======== Dataset entries ========
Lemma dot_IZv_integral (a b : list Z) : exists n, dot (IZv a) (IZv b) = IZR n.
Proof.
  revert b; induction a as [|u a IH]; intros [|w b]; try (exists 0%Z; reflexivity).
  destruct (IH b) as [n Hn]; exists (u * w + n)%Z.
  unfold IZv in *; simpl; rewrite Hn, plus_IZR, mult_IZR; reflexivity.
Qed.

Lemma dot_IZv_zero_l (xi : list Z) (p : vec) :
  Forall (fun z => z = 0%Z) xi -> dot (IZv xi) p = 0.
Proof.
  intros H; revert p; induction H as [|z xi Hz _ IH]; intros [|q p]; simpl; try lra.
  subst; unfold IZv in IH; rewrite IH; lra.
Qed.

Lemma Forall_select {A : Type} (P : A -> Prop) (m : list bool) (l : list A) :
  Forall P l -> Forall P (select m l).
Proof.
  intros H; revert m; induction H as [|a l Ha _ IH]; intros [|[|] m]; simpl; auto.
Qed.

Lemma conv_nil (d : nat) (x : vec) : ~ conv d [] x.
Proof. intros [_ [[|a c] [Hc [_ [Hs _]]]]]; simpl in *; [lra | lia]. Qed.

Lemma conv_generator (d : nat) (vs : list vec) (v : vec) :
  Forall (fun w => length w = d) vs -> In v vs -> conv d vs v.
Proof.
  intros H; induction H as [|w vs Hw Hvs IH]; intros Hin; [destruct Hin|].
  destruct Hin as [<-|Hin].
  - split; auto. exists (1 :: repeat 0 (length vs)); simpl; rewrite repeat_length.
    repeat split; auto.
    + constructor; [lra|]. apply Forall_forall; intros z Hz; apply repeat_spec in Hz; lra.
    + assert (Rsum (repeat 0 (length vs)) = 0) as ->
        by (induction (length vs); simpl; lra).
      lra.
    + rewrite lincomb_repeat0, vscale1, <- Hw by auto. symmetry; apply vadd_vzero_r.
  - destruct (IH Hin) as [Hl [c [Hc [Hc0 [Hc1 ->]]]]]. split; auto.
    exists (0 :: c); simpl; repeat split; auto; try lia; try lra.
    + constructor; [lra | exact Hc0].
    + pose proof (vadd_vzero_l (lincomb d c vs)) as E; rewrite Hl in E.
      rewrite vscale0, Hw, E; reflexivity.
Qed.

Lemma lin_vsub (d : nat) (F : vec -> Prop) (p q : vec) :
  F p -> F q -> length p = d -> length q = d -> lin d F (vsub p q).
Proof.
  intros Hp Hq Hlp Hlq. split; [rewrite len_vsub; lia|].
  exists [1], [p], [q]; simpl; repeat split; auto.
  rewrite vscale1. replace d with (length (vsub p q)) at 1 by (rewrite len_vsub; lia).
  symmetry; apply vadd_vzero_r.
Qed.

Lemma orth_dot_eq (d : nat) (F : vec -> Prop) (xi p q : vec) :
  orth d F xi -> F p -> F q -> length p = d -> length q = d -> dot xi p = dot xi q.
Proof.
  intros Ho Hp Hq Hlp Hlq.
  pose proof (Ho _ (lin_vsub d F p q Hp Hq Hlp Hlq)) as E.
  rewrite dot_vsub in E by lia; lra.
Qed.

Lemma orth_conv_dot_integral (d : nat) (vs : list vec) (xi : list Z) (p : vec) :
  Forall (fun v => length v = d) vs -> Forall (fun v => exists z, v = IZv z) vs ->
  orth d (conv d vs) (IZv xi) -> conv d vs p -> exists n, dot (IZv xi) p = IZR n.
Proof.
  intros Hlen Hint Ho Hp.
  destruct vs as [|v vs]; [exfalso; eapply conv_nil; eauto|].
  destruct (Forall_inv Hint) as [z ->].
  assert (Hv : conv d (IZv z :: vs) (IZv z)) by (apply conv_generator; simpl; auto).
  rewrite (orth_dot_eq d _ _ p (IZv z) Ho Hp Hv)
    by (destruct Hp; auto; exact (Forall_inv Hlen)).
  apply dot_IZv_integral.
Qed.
========
======== Dataset entries ========
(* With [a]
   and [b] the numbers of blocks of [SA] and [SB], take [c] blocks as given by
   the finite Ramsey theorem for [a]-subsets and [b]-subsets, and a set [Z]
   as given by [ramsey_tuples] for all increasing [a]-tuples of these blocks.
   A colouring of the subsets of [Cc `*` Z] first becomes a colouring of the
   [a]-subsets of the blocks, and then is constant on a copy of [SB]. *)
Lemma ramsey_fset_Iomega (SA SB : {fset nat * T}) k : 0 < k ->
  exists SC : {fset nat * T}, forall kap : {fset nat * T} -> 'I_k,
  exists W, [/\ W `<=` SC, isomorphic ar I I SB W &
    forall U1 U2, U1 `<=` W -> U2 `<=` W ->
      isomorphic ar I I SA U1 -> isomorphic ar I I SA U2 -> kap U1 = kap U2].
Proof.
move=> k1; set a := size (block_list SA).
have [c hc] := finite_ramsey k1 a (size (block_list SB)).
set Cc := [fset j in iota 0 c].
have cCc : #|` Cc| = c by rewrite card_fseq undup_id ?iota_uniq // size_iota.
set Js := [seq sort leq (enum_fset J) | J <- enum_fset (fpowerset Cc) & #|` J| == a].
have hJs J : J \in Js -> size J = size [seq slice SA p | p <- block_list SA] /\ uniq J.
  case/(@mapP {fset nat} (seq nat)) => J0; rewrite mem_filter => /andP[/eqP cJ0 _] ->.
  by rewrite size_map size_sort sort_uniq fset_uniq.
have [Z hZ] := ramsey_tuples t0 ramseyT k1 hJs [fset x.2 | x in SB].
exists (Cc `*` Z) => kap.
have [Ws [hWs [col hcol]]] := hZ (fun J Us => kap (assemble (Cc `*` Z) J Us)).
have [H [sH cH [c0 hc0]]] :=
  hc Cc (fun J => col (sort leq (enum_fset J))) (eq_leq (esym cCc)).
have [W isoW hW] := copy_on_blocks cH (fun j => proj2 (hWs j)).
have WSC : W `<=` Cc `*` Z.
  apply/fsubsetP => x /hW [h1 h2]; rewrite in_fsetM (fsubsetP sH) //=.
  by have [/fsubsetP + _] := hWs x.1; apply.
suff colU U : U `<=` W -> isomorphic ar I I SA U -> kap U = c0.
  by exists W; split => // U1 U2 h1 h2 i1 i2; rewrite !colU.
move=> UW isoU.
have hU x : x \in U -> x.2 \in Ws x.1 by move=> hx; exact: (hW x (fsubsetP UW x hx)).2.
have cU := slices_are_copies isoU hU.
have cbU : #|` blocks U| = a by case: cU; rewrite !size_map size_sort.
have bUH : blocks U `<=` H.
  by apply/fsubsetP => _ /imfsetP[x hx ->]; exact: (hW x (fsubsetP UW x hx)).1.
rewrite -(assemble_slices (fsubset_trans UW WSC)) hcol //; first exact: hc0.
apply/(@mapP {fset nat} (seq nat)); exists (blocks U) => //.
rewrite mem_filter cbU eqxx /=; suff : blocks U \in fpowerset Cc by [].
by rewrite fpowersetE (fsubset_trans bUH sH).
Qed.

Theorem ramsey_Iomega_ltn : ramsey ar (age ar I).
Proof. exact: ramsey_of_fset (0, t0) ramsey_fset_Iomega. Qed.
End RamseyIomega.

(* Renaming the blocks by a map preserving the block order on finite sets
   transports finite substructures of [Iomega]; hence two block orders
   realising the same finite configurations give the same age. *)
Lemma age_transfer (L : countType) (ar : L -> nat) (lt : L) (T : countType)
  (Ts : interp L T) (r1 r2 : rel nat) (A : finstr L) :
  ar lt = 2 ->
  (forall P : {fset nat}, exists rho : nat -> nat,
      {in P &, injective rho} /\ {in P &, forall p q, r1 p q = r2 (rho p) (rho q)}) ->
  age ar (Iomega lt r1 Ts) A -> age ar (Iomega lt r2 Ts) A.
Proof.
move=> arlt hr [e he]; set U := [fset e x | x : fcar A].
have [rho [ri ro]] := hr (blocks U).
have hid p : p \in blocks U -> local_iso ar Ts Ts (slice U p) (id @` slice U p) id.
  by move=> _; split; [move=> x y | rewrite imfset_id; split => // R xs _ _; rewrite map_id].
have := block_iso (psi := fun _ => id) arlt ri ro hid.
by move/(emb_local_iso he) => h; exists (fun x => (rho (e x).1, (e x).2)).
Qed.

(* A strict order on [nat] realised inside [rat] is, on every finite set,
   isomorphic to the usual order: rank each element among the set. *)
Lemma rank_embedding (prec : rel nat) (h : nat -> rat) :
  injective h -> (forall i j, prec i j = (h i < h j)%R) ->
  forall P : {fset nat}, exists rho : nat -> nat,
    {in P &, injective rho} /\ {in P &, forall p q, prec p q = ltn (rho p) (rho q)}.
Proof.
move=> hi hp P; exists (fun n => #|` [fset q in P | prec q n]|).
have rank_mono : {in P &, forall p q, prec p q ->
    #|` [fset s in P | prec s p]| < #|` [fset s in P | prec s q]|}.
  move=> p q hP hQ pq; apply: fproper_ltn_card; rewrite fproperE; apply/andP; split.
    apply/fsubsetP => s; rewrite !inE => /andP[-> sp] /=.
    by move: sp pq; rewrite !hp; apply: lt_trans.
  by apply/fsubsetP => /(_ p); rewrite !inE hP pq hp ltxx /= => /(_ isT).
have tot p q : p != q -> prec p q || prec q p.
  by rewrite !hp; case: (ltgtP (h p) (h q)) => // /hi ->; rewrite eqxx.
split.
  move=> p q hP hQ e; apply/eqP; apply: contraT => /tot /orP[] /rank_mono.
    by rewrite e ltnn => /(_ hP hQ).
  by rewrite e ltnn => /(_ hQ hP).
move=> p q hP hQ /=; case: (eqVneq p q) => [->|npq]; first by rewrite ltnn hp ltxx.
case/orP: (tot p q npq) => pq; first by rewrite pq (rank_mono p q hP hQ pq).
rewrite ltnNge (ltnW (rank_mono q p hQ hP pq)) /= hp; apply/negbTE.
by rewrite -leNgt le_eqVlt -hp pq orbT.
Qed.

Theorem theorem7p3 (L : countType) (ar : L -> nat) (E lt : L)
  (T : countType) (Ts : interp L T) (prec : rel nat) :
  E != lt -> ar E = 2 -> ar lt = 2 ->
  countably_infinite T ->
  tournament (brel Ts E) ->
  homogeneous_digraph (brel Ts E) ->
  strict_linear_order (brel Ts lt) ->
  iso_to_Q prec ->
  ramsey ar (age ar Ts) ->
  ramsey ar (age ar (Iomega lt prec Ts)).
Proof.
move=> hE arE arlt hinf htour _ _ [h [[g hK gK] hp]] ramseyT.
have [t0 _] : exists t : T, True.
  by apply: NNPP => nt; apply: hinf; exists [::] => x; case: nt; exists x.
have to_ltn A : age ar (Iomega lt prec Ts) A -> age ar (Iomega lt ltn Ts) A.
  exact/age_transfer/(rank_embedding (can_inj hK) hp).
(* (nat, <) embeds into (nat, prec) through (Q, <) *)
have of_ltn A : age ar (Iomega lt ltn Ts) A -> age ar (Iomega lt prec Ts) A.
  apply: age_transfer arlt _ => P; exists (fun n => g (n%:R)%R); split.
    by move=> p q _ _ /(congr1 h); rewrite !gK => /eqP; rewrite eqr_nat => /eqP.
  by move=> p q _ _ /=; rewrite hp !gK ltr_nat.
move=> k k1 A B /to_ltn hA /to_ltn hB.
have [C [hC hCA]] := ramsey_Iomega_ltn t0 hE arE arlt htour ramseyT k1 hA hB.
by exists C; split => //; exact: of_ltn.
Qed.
========
What you have to do: Filter the listing by the string "suff"; copy each matching line.

Answer for this exercise:
suff colU U : U `<=` W -> isomorphic ar I I SA U -> kap U = c0.
rewrite mem_filter cbU eqxx /=; suff : blocks U \in fpowerset Cc by [].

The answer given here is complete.